« 向かい続ける人 | トップページ | ドイツワイン »

2008/02/04

楽観主義の恵み

楽観主義の恵み

ヨミウリ・ウィークリー
2008年2月17日号

(2008年2月4日発売)

茂木健一郎  脳から始まる 第90回

抜粋

 時には、「困った」とか、「もう駄目だ」と思うこともある。しかし、そんな場合でも、落ち込むのは一時的で、大抵はすぐに立ち直ってしまう。「楽観的」であることこそが、自分の才能の一つだと思っている。
 思い起こせば、大学院で勉強をしている時、自分の将来がどうなるかなんてことは、全く見通しが付かなかった。博士号を取得してから脳科学を始めた時も、果たして将来ものになるのか、まともな生活ができるのか確信などなかった。目端の利く人だったら、もう少し実利的な職業を選んでいただろう。
 それでも、常に、「根拠のない自信」のようなものがあった。時々、友人に、「お前はなぜそんなに楽観的なんだ」と皮肉られていた。しかし、何と言われても、未来は明るいと思うことが正しいのだという直観だけは揺らぐことがなかった。

全文は「ヨミウリ・ウィークリー」で。

http://info.yomiuri.co.jp/mag/yw/

2月 4, 2008 at 08:21 午前 |

トラックバック


この記事へのトラックバック一覧です: 楽観主義の恵み:

コメント

生自由中一瞬、観自在中無常
一瞬一瞬しか生きてゆけないのだから、自分に由って生きてゆく
ものごとは常なることはなく、はかないものであるから、自分のあり方にそって只、観る

相手に理解されるかとか、何かが変わるかという観点は、自分がどれだけ客観的でいられることが、相手の主観に写り、相手の中になにか気づきのようなものを伝播させる
そんな精神性でしか成り立たないのではないだろうか
あるときは自分の知識、経験などが邪魔になる 
ただ只、良寛さんのように?、ニコニコして観ていればいいのだ
ミスターチルドレンの桜井氏であったと思うが、「偶然の中で変化が起きる奇跡」を信じて歌い続ける
その「根拠のない自信」を持ち続けることこそが大切と言っていたことを思い出しました

投稿: | 2008/02/06 8:40:25

コラムの本文を拝見致しました。

人生、何があっても未来は明るい!と、ものごとをプラスにとらえること、それはあくまでもお気楽主義ではなく、人の見ていない水面下で、よりよく生きる為の凄まじい努力をしながら、なお未来に光明を見出す生きかたをする事、これがこの世知辛い世をたくましく生きぬくための、ひとつの大きな秘訣なのだなぁ、と、コラムを読みながら、しみじみ思った。
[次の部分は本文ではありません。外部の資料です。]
Lemma esum_Pl_law_Mtilde_lt_pinfty n :
  (\esum_(xs in [set xs | size xs = n.+1])
      (Pl_law q c l xs * Mtilde l a lam n xs)%:E < +oo)%E.
Proof.
elim: n => [|n IH].
  rewrite (esum_single _ _ [:: 1]) ?ltry //.
  - by rewrite lee_fin mulr_ge0 ?Pl_law_ge0 ?Mtilde_ge0.
  - move=> [|x [|? ?]] //= _ x_neq1.
    by case: eqP => [x1|_]; [rewrite x1 in x_neq1 | rewrite !mul0r].
apply: le_lt_trans IH; have := Mtilde_supermartingale_step n setT.
rewrite (_ : [set xs | size xs = n.+2 /\ setT (take n.+1 xs)] =
             [set xs | size xs = n.+2]); last by apply/seteqP; split=> xs /= => [[]|].
rewrite (_ : [set xs | size xs = n.+1 /\ setT xs] = [set xs | size xs = n.+1]) //.
by apply/seteqP; split=> xs /= => [[]|].
Qed.

End supermartingale.

Theorem mainTheorem7 (R : realType) (q : nat -> R) (a p c : R) (l : nat) (lam : R) :
  type_a q a p c ->
  3 / 2 < a <= 5 / 2 ->
  (\esum_(k in [set: int]) (nu q c k)%:E = 1)%E ->
  (forall x : int, 0 < x ->
     (\esum_(k in [set: int]) (nu q c k * @hl R l (x + k))%:E = (@hl R l x)%:E)%E) ->
  (0 < l)%N ->
  0 < lam ->
  (forall k m : nat, (0 < k)%N -> (0 < m)%N ->
     lam < k%:R `^ (a - 1) * (nu_tail q c k - nu q c (- (k + m)%:Z))) ->
  nonneg_supermartingale (Pl_law q c l) (@Mtilde R l a lam).
Proof.
move=> [q_ge0 _ c_gt0 _ _] _ nu_sum1 _ l_gt0 _ lam_lt.
split.
- exact: Mtilde_ge0.
- exact: esum_Pl_law_Mtilde_lt_pinfty.
- exact: Mtilde_supermartingale_step.
Qed.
けれども、少なくとも私の周囲を見ると、必ずしも未来は暗くなる、暗い、とマイナスに考えている人達があまりにも多いのではないか
(私もどちらかというと、つい最近まで“未来は暗い”と考えやすいタイプであった)。

未来を絶対に明るいものにする、という決意(ヴィジョン)の披瀝を、政治家など各界リーダーの多くがキチンと示していないことも、みんなが明るい未来を信じられなくなっていることのひとつの理由だという。

ならば、仮令根拠があろうとなかろうと、ある意味確信に近い前向きな自信を、私たち一般人ひとりひとりが持つことこそ、実は大切なことなのに違いない。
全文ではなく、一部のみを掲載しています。